A replica of the OSI 300 from Ohio Scientific: a 6502 trainer from 1977 with 128 bytes of RAM and binary switch programming

timTim 03/03/2021 at 21:120 Comments

It took nine or ten months from first having the idea to making a serious stab at realising it. Some of that time was spent learning the basics of Kicad, trying to get my head around water analogies about the motion of current through a circuit and feeling simultaneously exhilarated and intimidated about how much there is to learn. It's only in the last two to three months that I've dedicated my small amount of free time directly to making it.

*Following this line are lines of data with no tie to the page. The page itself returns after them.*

Definition connected_graph n m (src tgt : 'I_m -> 'I_n) : Prop :=
  forall u v : 'I_n, connect (adj src tgt) u v.

Definition incidence n m (R : nzRingType) (src tgt : 'I_m -> 'I_n) : 'M[R]_(n, m) :=
  \matrix_(v, e) ((v == src e)%:R - (v == tgt e)%:R).

Definition laplacian n m (R : nzRingType) (src tgt : 'I_m -> 'I_n) : 'M[R]_n :=
  incidence R src tgt *m (incidence R src tgt)^T.

Definition is_MP_pinv (R : numFieldType) n (A X : 'M[R]_n) : Prop :=
  [/\ A *m X *m A = A, X *m A *m X = X,
      (A *m X)^T = A *m X & (X *m A)^T = X *m A].

Definition basis_vec (R : nzRingType) n (i : 'I_n) : 'cV[R]_n := delta_mx i 0.

Definition eff_res (R : numFieldType) n (Ldag : 'M[R]_n) (i j : 'I_n) : R :=
  ((basis_vec R i - basis_vec R j)^T *m Ldag *m (basis_vec R i - basis_vec R j)) 0 0.

Definition simple_path n m (src tgt : 'I_m -> 'I_n) (i j : 'I_n) (p : seq 'I_n) : bool :=
  [&& path (adj src tgt) i p, uniq (i :: p) & last i p == j].

Definition edge_on n m (src tgt : 'I_m -> 'I_n) (e : 'I_m) (s : seq 'I_n) : bool :=
  has (fun uv : 'I_n * 'I_n =>
         ((uv.1 == src e) && (uv.2 == tgt e)) || ((uv.1 == tgt e) && (uv.2 == src e)))
      (zip s (behead s)).

Definition path_edges n m (src tgt : 'I_m -> 'I_n) (i j : 'I_n) : {set 'I_m} :=
  [set e | [exists k : 'I_n, exists p : k.-tuple 'I_n,
              simple_path src tgt i j p && edge_on src tgt e (i :: p)]].
(* Note: a simple path i :: p has uniq (i :: p), hence size p < n, so
   quantifying over tuples of length k < n covers all simple paths. *)

Definition inf_norm (R : numDomainType) m (x : 'cV[R]_m) : R :=
  \big[Num.max/0]_(k < m) `|x k 0|.

From mathcomp Require Import all_boot all_order all_algebra.
From mathcomp Require Import ring.
Import Order.TTheory GRing.Theory Num.Theory.
Local Open Scope ring_scope.

(* Since [e_i - e_j] is orthogonal to the kernel of [L] (the constants, the
   graph being connected), the potential [x = L^+ (e_i - e_j)] solves
   [L x = e_i - e_j], and [f = B^T x] is the unit electrical flow from [i] to
   [j], with [Omega_ij = x^T L x = sum_e f_e^2].  The potential is harmonic
   away from [i] and [j], so from the ends of any edge carrying current one can
   climb to [i] and descend to [j]; potentials strictly decrease along the
   resulting walk, which is therefore a simple path, so [f] is supported on
   [E_ij].  Hence [|Delta^T f| <= |Delta|_oo sum_(E_ij) |f_e|], and
   Cauchy-Schwarz bounds the last sum by [sqrt (|E_ij| Omega_ij)]. *)

Set Implicit Arguments.
Unset Strict Implicit.
Unset Printing Implicit Defensive.

Lemma dotmx_self (R : pzSemiRingType) m (v : 'cV[R]_m) :
  (v^T *m v) 0 0 = \sum_k v k 0 ^+ 2.
Proof. by rewrite mxE; apply: eq_bigr => k _; rewrite mxE expr2. Qed.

A first attempt at redrawing the schematics I found online at http://retro.hansotten.nl/6502-sbc/osi-300-trainer/ led to a drawing I did not understand with over 100 DRC errors I did not understand either. I finally scrapped it and started again, trying to break the circuit down into sections I could comprehend, simplifying where necessary (such as only having one data switch) and only adding more sections (or the missing switches) once I was confident what I had was correct. This confidence was sometimes misleading and it wasn't unusual to discover that I had made mistakes but slowly over a couple of weeks a schematic emerged from this process that I think I understand and I think will work. Although I won't be surprised to find it doesn't.

The original OSI 300 is 10 inches by 8 inches with beautiful hand drawn traces and lots of empty space, at least as far as I can tell from photographs I've found online. I have never seen one for real. If things go very well, I might be tempted to try emulating this hand drawn look in a later iteration but for now I am just going to focus on getting the board to work. 

I've preserved the ratio and used large switches and 5mm LEDs like the original but the board is smaller so that the unpopulated PCB will fit in an A5 envelope. This will make it easier to ship if I sell them to people who don't want to manufacture their own. I will also put the schematics and Kicad files up online once it's finished so people can make their own and or use it as the basis of their own projects.

Designing custom footprints for the switches I have found was fun. I am not 100 percent certain that they will work. just as I am not certain that the circuit is correct, but I have reached the point where I am willing to get a test PCB made so that I can add the components and start to debug any problems. I have sent the gerber files off to be manufactured and will update once the first PCBs arrive.